→ **DESCRIPTION OF THE TASK**
Set down exactly the lines below between the line holding "the sets B~(l" and the line holding "P &, forall", inclusive; no other line belongs in the answer.

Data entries
.....

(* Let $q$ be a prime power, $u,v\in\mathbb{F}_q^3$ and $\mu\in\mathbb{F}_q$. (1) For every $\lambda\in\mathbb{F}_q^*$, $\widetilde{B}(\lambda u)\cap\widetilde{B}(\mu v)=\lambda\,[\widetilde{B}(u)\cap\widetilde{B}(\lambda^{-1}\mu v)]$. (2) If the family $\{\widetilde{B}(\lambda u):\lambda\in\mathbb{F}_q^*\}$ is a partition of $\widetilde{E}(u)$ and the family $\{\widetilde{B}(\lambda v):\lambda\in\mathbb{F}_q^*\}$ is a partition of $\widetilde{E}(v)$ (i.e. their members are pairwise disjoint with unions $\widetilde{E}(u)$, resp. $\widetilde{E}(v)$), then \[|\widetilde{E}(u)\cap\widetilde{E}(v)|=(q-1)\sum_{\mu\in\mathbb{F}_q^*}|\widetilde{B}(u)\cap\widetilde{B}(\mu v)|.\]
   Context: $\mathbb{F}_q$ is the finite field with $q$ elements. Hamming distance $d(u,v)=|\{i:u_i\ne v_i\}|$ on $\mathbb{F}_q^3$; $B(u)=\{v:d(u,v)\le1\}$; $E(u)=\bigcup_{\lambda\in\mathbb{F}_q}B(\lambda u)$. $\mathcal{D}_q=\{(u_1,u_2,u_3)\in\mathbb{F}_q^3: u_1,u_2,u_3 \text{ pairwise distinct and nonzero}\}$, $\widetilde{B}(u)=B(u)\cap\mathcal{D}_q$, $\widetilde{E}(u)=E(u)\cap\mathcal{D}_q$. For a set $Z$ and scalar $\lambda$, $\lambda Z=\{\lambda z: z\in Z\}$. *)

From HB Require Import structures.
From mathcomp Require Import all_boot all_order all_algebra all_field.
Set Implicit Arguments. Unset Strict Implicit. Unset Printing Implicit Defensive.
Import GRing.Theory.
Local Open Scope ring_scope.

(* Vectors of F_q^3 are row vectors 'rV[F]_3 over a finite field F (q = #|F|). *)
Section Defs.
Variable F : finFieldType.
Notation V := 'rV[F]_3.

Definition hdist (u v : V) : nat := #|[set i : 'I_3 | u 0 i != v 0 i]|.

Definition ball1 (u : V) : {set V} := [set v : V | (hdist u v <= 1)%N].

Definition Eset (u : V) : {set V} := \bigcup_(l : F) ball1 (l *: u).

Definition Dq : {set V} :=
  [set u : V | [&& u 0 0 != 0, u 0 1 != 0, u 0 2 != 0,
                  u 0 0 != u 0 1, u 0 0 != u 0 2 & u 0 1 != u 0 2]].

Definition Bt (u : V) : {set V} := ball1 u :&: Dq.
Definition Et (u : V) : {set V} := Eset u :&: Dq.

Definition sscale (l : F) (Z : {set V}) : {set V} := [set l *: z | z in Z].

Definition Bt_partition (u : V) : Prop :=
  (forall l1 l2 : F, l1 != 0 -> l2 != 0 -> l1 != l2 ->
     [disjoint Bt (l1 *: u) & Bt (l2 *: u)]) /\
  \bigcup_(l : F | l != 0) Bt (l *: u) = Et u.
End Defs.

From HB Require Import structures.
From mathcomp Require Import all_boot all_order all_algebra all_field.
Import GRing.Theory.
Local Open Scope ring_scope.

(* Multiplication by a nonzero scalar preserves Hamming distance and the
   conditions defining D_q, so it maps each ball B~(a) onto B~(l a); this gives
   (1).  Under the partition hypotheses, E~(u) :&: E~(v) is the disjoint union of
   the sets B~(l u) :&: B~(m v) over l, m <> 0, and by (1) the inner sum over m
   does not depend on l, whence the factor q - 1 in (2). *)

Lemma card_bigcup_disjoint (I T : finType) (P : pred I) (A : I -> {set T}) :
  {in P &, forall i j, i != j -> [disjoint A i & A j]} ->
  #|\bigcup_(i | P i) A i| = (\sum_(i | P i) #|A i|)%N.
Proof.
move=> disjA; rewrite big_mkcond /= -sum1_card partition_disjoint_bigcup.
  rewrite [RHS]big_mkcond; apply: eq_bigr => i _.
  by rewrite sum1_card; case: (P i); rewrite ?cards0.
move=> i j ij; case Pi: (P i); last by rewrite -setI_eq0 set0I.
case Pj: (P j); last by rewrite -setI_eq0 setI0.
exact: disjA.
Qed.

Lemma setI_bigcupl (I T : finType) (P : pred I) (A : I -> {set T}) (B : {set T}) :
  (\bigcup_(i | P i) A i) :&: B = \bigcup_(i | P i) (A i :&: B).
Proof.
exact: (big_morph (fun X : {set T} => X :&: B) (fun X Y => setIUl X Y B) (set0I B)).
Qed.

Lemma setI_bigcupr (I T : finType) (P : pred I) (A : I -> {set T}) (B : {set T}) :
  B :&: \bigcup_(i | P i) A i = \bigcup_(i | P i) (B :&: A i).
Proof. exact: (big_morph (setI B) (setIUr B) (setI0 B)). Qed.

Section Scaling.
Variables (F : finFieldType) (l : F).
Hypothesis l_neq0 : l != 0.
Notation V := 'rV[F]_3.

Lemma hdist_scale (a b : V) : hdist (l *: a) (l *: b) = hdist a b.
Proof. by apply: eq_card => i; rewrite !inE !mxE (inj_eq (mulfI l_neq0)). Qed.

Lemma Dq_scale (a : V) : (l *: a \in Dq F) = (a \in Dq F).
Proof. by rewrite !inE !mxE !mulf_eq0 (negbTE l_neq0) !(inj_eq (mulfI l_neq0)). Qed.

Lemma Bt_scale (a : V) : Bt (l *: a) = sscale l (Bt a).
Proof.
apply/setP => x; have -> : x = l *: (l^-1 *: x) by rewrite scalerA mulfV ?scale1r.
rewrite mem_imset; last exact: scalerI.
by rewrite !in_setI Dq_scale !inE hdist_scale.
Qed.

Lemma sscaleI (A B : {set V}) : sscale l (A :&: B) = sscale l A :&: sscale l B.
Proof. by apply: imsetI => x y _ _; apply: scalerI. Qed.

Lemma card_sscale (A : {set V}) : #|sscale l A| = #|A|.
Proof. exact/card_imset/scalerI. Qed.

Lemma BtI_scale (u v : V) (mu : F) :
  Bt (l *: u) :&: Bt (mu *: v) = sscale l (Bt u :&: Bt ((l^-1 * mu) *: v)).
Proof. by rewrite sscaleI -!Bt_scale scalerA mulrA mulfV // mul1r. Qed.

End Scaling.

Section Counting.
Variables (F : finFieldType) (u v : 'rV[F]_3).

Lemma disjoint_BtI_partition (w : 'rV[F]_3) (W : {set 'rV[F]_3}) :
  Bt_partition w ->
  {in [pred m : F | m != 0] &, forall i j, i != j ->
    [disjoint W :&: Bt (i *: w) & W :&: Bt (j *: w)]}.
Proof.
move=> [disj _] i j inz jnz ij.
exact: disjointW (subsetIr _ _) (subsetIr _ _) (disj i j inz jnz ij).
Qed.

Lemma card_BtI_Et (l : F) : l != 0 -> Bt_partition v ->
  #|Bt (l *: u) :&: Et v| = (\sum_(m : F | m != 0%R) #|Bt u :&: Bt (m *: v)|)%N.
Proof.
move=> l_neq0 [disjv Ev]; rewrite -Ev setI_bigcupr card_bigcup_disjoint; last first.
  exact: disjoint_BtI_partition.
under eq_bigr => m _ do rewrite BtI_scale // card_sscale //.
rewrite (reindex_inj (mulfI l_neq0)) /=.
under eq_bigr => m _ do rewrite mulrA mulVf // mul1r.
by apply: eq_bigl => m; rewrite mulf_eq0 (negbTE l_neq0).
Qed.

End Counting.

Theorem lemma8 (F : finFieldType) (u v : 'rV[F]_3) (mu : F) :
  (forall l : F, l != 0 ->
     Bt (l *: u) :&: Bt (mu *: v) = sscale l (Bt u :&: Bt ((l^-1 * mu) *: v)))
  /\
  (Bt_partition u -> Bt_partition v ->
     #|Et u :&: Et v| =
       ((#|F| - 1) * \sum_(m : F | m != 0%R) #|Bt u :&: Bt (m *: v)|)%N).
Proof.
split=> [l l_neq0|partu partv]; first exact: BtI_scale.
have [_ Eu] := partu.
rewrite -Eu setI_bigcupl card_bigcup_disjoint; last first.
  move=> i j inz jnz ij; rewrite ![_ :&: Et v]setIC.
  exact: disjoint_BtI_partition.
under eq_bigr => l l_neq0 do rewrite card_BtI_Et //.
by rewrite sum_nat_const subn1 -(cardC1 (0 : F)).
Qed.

.....

→ **TASK OUTPUT**
   the sets B~(l u) :&: B~(m v) over l, m <> 0, and by (1) the inner sum over m
   does not depend on l, whence the factor q - 1 in (2). *)

Lemma card_bigcup_disjoint (I T : finType) (P : pred I) (A : I -> {set T}) :
  {in P &, forall i j, i != j -> [disjoint A i & A j]} ->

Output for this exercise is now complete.